## REQUIREMENT:
Nothing below is to be printed except the lines between the line holding "by move=> x /(closureS" and the line holding "move=> cf; apply: cl_gen_hom => // x [[g ->]|[g [h [g2", inclusive, each exactly as it appears.

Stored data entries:
------------
(* If [pi] is an isomorphism it matches the filtrations. Conversely, assume
   that [ker pi] lies in [G1_(3)] and that [1 <> n0] is in [ker pi]. Some open
   normal subgroup [W] of [G1] avoids [n0], so the image of [ker pi] in the
   finite p-group [G1 / W] is a nontrivial normal subgroup; it carries a
   nonzero [Z/q]-valued character [beta] invariant under conjugation by
   [G1 / W]. Extending [beta] along coset representatives gives a locally
   constant [T : G1 -> Z/q] with [T (x n) = T x + T n = T (n x)] for [n] in
   [ker pi], so [(x, y) |-> T y - T (x y) + T x] descends to a continuous
   2-cocycle of [G2]. Since [H^2(G2)] is decomposable, [T] differs from some
   [b \o pi] by a cochain whose coboundary is a sum of cup products of
   characters, and such a cochain vanishes on [G1_(3)]. Hence [T] vanishes on
   [ker pi], contradicting [beta <> 0]. *)

Set Implicit Arguments.
Unset Strict Implicit.
Unset Printing Implicit Defensive.

Import GRing.Theory.
Local Open Scope classical_set_scope.

Section TopologicalGroup.
Local Open Scope group_scope.
Variable G : topGroupCarrier.
Hypothesis tgG : topological_group G.

Lemma cvg_mulg (T : Type) (F : set_system T) (FF : Filter F) (f g : T -> G)
    (a b : G) :
  f x @[x --> F] --> a -> g x @[x --> F] --> b -> f x * g x @[x --> F] --> a * b.
Proof.
move=> fa gb; apply: (@continuous2_cvg _ _ _ _ _ FF f g (fun u v => u * v)) => //.
exact: (tgG.1 (a, b)).
Qed.

Lemma cvg_invg (T : Type) (F : set_system T) (FF : Filter F) (f : T -> G) (a : G) :
  f x @[x --> F] --> a -> (f x)^-1 @[x --> F] --> a^-1.
Proof. by move=> fa; apply: cvg_comp fa _; exact: tgG.2. Qed.

Lemma continuous_mulgl (c : G) : continuous (fun y : G => c * y).
Proof. by move=> y; apply: cvg_mulg => //; exact: cvg_cst. Qed.

Lemma continuous_mulgr (c : G) : continuous (fun y : G => y * c).
Proof. by move=> y; apply: cvg_mulg => //; exact: cvg_cst. Qed.

Lemma open_lcoset (x : G) (U : set G) : open U -> open [set y | U (x^-1 * y)].
Proof.
by move=> oU; exact ((continuousP (fun y : G => x^-1 * y)).1 (@continuous_mulgl x^-1) U oU).
Qed.

End TopologicalGroup.

Section Subgroups.
Local Open Scope group_scope.
Variable G : topGroupCarrier.
Implicit Types (H S : set G) (x y : G).

Lemma subgroup1 H : is_subgroup H -> H 1.
Proof. by case. Qed.

Lemma subgroupV H x : is_subgroup H -> H x -> H x^-1.
Proof. by move=> [H1 HM] Hx; have := HM _ _ H1 Hx; rewrite mul1g. Qed.

Lemma subgroupM H x y : is_subgroup H -> H x -> H y -> H (x * y).
Proof.
by move=> sH Hx Hy; have := sH.2 _ _ Hx (subgroupV sH Hy); rewrite invgK.
Qed.

Lemma gen_subgroupP S : is_subgroup (gen_subgroup S).
Proof.
split=> [K [] //|x y Sx Sy K sK SK].
by apply: sK.2; [exact: Sx | exact: Sy].
Qed.

Lemma sub_gen_subgroup S : S `<=` gen_subgroup S.
Proof. by move=> x Sx K _ /(_ x Sx). Qed.

Lemma gen_subgroup_min S H : is_subgroup H -> S `<=` H -> gen_subgroup S `<=` H.
Proof. by move=> sH SH x /(_ H sH SH). Qed.

Lemma cl_gen1 S : cl_gen S 1.
Proof. by apply: subset_closure; exact: subgroup1 (gen_subgroupP S). Qed.

Lemma cl_gen_min S H : closed H -> is_subgroup H -> S `<=` H -> cl_gen S `<=` H.
Proof.
by move=> cH sH SH; rewrite (closure_id H).1 //; apply: closureS; exact: gen_subgroup_min.
Qed.

Lemma open_subgroup_nbhs1 H : topological_group G ->
  is_subgroup H -> nbhs 1 H -> open H.
Proof.
move=> tgG sH H1; rewrite openE => h Hh.
have : nbhs h [set y | H (h^-1 * y)].
  by apply: (@continuous_mulgl G tgG h^-1 h H); rewrite /= mulVg.
by apply: filterS => y /(subgroupM sH Hh); rewrite mulKVg.
Qed.

End Subgroups.

Section Homomorphisms.
Local Open Scope group_scope.
Variables (G H : topGroupCarrier) (f : G -> H).
Hypothesis homf : group_hom f.

Lemma group_hom1 : f 1 = 1.
Proof. by apply: (mulgI (f 1)); rewrite -homf !mulg1. Qed.

Lemma group_homV x : f x^-1 = (f x)^-1.
Proof. by apply: (mulgI (f x)); rewrite -homf !mulgV group_hom1. Qed.

Lemma group_homX x n : f (x ^+ n) = f x ^+ n.
Proof. by elim: n => [|n IH]; rewrite ?group_hom1 // !expgS homf IH. Qed.

Lemma group_homR x y : f [~ x, y] = [~ f x, f y].
Proof. by rewrite /commg /conjg !homf !group_homV. Qed.

Lemma kernel_subgroup : is_subgroup [set x | f x = 1].
Proof.
split=> [|x y /= fx fy]; first exact: group_hom1.
by rewrite homf group_homV fx fy invg1 mulg1.
Qed.

Lemma kernel_normal : is_normal [set x | f x = 1].
Proof. by move=> x g /= fx; rewrite !homf group_homV fx mulg1 mulVg. Qed.

Lemma cl_gen_hom (S : set G) (S' : set H) : continuous f ->
  (forall x, S x -> S' (f x)) -> forall x, cl_gen S x -> cl_gen S' (f x).
Proof.
move=> cf SS'.
have sub : gen_subgroup S `<=` f @^-1` gen_subgroup S'.
  apply: gen_subgroup_min => [|x /SS' /sub_gen_subgroup //].
  split=> [|x y /= Sx Sy]; first by rewrite /= group_hom1; exact: subgroup1 (gen_subgroupP S').
  by rewrite homf group_homV; exact: (gen_subgroupP S').2.
have cP : closed (f @^-1` cl_gen S').
  by apply: preimage_closed => //; exact: closed_closure.
have sub' : gen_subgroup S `<=` f @^-1` cl_gen S'.
  by move=> x /sub Sx; exact: subset_closure.
by move=> x /(closureS sub'); rewrite -(closure_id _).1.
Qed.

Lemma frat2_hom q : continuous f -> forall x, frat2 q x -> frat2 q (f x).
Proof.
move=> cf; apply: cl_gen_hom => // x [[g ->]|[g [h ->]]].
  by left; exists (f g); rewrite group_homX.
by right; exists (f g), (f h); rewrite group_homR.
Qed.

Lemma frat3_hom p q : continuous f -> forall x, frat3 p q x -> frat3 p q (f x).
Proof.
move=> cf; apply: cl_gen_hom => // x [[g ->]|[g [h [g2 ->]]]].
  by left; exists (f g); rewrite group_homX.
by right; exists (f g), (f h); rewrite group_homR; split=> //; exact: frat2_hom.
Qed.

End Homomorphisms.

Section QuasiComponent.
Variable T : topologicalType.
Hypotheses (cT : compact [set: T]) (hT : hausdorff_space T).

Lemma closed_disjoint_separation (A B : set T) :
  closed A -> closed B -> A `&` B = set0 ->
  exists U V, [/\ open U, open V, A `<=` U, B `<=` V & U `&` V = set0].
Proof.
move=> cA cB AB.
have : set_nbhs A (~` B).
  apply/set_nbhsP; exists (~` B); split=> //; first exact: closed_openC.
  by move=> y Ay By; have : (A `&` B) y by []; rewrite AB.
move=> /(compact_normal hT cT cA) [V /set_nbhsP [U [oU AU UV]] clV].
exists U, (~` closure V); split=> //.
- exact/closed_openC/closed_closure.
- by move=> y By /clV.
- by apply/seteqP; split=> // y [/UV Vy]; apply; exact: subset_closure.
Qed.

Definition quasi_component (x : T) : set T :=
  \bigcap_(C in [set C | clopen C /\ C x]) C.

Lemma clopenI_cover (C U V : set T) : clopen C -> open U -> open V ->
  U `&` V = set0 -> C `<=` U `|` V -> clopen (C `&` U).
Proof.
move=> [oC cC] oU oV UV CUV; split; first exact: openI.
have -> : C `&` U = C `&` ~` V.
  apply/seteqP; split=> y [Cy Uy]; split=> //.
    by move=> Vy; have : (U `&` V) y by []; rewrite UV.
  by case: (CUV y Cy).
by apply: closedI cC _; exact: open_closedC.
Qed.

Variable x : T.
Local Notation Q := (quasi_component x).

Lemma quasi_component_clopen_sub (U : set T) : open U -> Q `<=` U ->
  exists C, [/\ clopen C, C x & C `<=` U].
Proof.
move=> oU QU; apply: contrapT => noC.
pose F := filter_from [set C | clopen C /\ C x] (fun C => C `&` ~` U).
have FF : Filter F.
  apply: filter_from_filter; first by exists setT; split=> //; exact: clopenT.
  move=> C1 C2 [cC1 C1x] [cC2 C2x]; exists (C1 `&` C2); first by split; [exact: clopenI|].
  by move=> y [[? ?] ?].
have PF : ProperFilter F.
  apply: filter_from_proper => C [cC Cx]; apply: contrapT => /nonemptyPn CU.
  apply: noC; exists C; split=> // y Cy; apply: contrapT => Uy.
  by have : (C `&` ~` U) y by []; rewrite CU.
have FU : F (~` U) by exists setT; [split=> //; exact: clopenT | move=> y []].
have cU : compact (~` U) by apply: subclosed_compact cT _; [exact: open_closedC|].
have [y [Uy cly]] := cU F PF FU.
apply: Uy; apply: QU => C [cC Cx]; apply: contrapT => Cy.
have /cly : F (C `&` ~` U) by exists C.
have : nbhs y (~` C) by apply: open_nbhs_nbhs; split=> //; exact: closed_openC cC.2.
by move=> nC /(_ _ nC) [z [[Cz _] /(_ Cz)]].
Qed.

Lemma quasi_component_open_split (U V : set T) : open U -> open V ->
  U `&` V = set0 -> Q `<=` U `|` V -> Q `<=` U \/ Q `<=` V.
Proof.
move=> oU oV UV QUV.
have [C [cC Cx CUV]] := quasi_component_clopen_sub (openU oU oV) QUV.
have QC D : clopen (C `&` D) -> D x -> Q `<=` D.
  by move=> cD Dx y Qy; have [] := Qy (C `&` D) (conj cD (conj Cx Dx)).
have [Ux|Vx] := CUV x Cx; [left|right]; apply: QC => //.
  exact: (clopenI_cover cC oU oV).
by apply: (clopenI_cover cC oV oU); rewrite 1?setIC 1?setUC.
Qed.

Lemma connected_quasi_component : connected Q.
Proof.
move=> B [b Bb] [P oP BP] [K cK BK].
have QB : B `<=` Q by rewrite BP => y [].
have cQ : closed Q by apply: closed_bigI => C [[]].
pose B' := Q `&` ~` P.
have [U [V [oU oV BU B'V UV]]] : exists U V,
    [/\ open U, open V, B `<=` U, B' `<=` V & U `&` V = set0].
  apply: closed_disjoint_separation; first by rewrite BK; exact: closedI.
    by apply: closedI => //; exact: open_closedC.
  by apply/seteqP; split=> // y [+ [_]]; rewrite BP => -[].
have QUV : Q `<=` U `|` V.
  move=> y Qy; have [Py|nPy] := pselect (P y); [left|right].
    by apply: BU; rewrite BP.
  exact: B'V.
have UV0 y : U y -> V y -> False by move=> Uy Vy; have : (U `&` V) y by []; rewrite UV.
case: (quasi_component_open_split oU oV UV QUV) => [QU|QV].
  apply/seteqP; split=> // y Qy; rewrite BP; split=> //.
  by apply: contrapT => nPy; apply: (UV0 y (QU y Qy)); exact: B'V.
by exfalso; apply: (UV0 b (BU b Bb)); exact: QV (QB b Bb).
Qed.

End QuasiComponent.

Lemma totally_disconnected_zero_dimensional (T : topologicalType) :
  compact [set: T] -> hausdorff_space T -> totally_disconnected [set: T] ->
  zero_dimensional T.
Proof.
move=> cT hT td x y /eqP xy; apply: contrapT => nC; apply: xy.
have Qy : quasi_component x y.
  by move=> C [cC Cx]; apply: contrapT => nCy; apply: nC; exists C.
have Qx : quasi_component x x by move=> C [].
have := @connected_component_max _ [set: T] _ x Qx (@subsetT _ _)
  (connected_quasi_component cT hT (x:=x)) y Qy.
by rewrite td.
Qed.

Section OpenNormalSubgroups.
Local Open Scope group_scope.
Variable G : topGroupCarrier.
Hypotheses (tgG : topological_group G) (cG : compact [set: G]).

Lemma tube_nbhs1 (K O : set G) (f : G -> G -> G) : compact K -> open O ->
  (forall k, K k -> {for (k, 1), continuous (fun kv : G * G => f kv.1 kv.2)}) ->
  (forall k, K k -> O (f k 1)) ->
  nbhs 1 [set v | forall k, K k -> O (f k v)].
Proof.
move=> cK oO cf Of.
apply: ((compact_near_coveringP K).1 cK G (nbhs 1) (fun v k => O (f k v))) => k Kk.
apply: (cf k Kk); apply: open_nbhs_nbhs; split=> //; exact: Of.
Qed.

(* The right stabilizer of a compact [C] is a neighbourhood of [1] by the tube
   lemma. *)
Lemma open_subgroup_sub_clopen (C : set G) : clopen C -> C 1 ->
  exists H, [/\ open H, is_subgroup H & H `<=` C].
Proof.
move=> [oC clC] C1; have cC : compact C := subclosed_compact clC cG (@subsetT _ _).
pose H := [set g | forall c, C c -> C (c * g) /\ C (c * g^-1)].
have sH : is_subgroup H.
  split=> [c Cc|g h Hg Hh c Cc]; first by rewrite invg1 mulg1.
  rewrite invMg invgK !mulgA; split; first exact: (Hh _ (Hg _ Cc).1).2.
  exact: (Hg _ (Hh _ Cc).1).2.
exists H; split=> //; last by move=> g /(_ 1 C1) [+ _]; rewrite mul1g.
apply: open_subgroup_nbhs1 => //.
have nV1 : nbhs 1 [set v | forall c, C c -> C (c * v)].
  apply: tube_nbhs1 => // [k _|k Ck]; last by rewrite mulg1.
  by apply: cvg_mulg => //; [exact: cvg_fst | exact: cvg_snd].
have nV2 : nbhs 1 [set v | forall c, C c -> C (c * v^-1)].
  apply: tube_nbhs1 => // [k _|k Ck]; last by rewrite invg1 mulg1.
  apply: cvg_mulg => //; [exact: cvg_fst | apply: cvg_invg => //; exact: cvg_snd].
apply: filterS (filterI nV1 nV2) => g [V1g V2g] c Cc.
by split; [exact: V1g | exact: V2g].
Qed.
------------
## ANSWER BELOW:
by move=> x /(closureS sub'); rewrite -(closure_id _).1.
Qed.

Lemma frat2_hom q : continuous f -> forall x, frat2 q x -> frat2 q (f x).
Proof.
move=> cf; apply: cl_gen_hom => // x [[g ->]|[g [h ->]]].
  by left; exists (f g); rewrite group_homX.
by right; exists (f g), (f h); rewrite group_homR.
Qed.

Lemma frat3_hom p q : continuous f -> forall x, frat3 p q x -> frat3 p q (f x).
Proof.
move=> cf; apply: cl_gen_hom => // x [[g ->]|[g [h [g2 ->]]]].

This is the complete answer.